_Problem details:_ Repeat the listing below word for word, stopping after the line that contains "Lemma nabla51_lmul p".

_Source records:_
——

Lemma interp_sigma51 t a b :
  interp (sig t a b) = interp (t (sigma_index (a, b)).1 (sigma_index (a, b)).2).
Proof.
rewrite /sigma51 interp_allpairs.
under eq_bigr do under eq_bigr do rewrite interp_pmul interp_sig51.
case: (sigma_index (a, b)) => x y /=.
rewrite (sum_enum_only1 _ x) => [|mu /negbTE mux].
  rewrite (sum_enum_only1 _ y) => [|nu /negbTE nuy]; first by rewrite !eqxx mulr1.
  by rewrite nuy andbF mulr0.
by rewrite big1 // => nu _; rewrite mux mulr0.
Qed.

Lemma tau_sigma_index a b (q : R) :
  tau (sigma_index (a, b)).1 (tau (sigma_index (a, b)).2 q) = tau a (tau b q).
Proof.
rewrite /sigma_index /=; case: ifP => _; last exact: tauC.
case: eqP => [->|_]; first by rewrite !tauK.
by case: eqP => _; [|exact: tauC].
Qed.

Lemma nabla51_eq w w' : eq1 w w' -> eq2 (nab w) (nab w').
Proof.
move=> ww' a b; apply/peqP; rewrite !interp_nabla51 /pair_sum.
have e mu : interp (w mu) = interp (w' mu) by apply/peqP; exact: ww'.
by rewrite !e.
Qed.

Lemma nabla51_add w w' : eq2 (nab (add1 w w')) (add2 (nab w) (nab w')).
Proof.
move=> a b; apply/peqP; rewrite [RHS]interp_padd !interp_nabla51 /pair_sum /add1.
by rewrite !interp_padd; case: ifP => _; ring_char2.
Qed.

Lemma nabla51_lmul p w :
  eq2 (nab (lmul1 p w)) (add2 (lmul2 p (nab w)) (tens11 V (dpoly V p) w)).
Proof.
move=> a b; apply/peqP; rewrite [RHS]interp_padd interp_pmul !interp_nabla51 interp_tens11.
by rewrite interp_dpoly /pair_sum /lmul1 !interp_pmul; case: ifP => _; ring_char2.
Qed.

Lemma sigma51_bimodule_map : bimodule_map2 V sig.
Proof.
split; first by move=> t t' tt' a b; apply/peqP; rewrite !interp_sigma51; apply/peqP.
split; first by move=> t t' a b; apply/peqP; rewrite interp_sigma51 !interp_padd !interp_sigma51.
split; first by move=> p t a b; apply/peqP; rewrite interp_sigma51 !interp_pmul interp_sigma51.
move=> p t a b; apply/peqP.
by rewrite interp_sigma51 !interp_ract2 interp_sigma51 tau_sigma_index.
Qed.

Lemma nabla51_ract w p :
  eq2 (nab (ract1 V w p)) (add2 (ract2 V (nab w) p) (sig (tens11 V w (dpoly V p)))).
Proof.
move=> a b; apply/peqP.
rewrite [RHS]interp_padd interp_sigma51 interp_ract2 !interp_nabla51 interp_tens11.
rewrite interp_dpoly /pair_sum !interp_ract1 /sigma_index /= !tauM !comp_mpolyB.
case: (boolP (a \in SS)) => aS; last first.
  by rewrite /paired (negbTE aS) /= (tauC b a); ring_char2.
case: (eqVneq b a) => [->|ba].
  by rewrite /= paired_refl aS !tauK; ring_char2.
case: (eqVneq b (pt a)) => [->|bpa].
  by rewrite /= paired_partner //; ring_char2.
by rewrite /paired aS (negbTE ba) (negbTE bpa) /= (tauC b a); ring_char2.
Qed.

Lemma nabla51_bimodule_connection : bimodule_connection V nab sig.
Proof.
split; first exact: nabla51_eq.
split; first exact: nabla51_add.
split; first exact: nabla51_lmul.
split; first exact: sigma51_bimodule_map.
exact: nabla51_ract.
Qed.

——

_Response:_
Lemma interp_sigma51 t a b :
  interp (sig t a b) = interp (t (sigma_index (a, b)).1 (sigma_index (a, b)).2).
Proof.
rewrite /sigma51 interp_allpairs.
under eq_bigr do under eq_bigr do rewrite interp_pmul interp_sig51.
case: (sigma_index (a, b)) => x y /=.
rewrite (sum_enum_only1 _ x) => [|mu /negbTE mux].
  rewrite (sum_enum_only1 _ y) => [|nu /negbTE nuy]; first by rewrite !eqxx mulr1.
  by rewrite nuy andbF mulr0.
by rewrite big1 // => nu _; rewrite mux mulr0.
Qed.

Lemma tau_sigma_index a b (q : R) :
  tau (sigma_index (a, b)).1 (tau (sigma_index (a, b)).2 q) = tau a (tau b q).
Proof.
rewrite /sigma_index /=; case: ifP => _; last exact: tauC.
case: eqP => [->|_]; first by rewrite !tauK.
by case: eqP => _; [|exact: tauC].
Qed.

Lemma nabla51_eq w w' : eq1 w w' -> eq2 (nab w) (nab w').
Proof.
move=> ww' a b; apply/peqP; rewrite !interp_nabla51 /pair_sum.
have e mu : interp (w mu) = interp (w' mu) by apply/peqP; exact: ww'.
by rewrite !e.
Qed.

Lemma nabla51_add w w' : eq2 (nab (add1 w w')) (add2 (nab w) (nab w')).
Proof.
move=> a b; apply/peqP; rewrite [RHS]interp_padd !interp_nabla51 /pair_sum /add1.
by rewrite !interp_padd; case: ifP => _; ring_char2.
Qed.

Lemma nabla51_lmul p w :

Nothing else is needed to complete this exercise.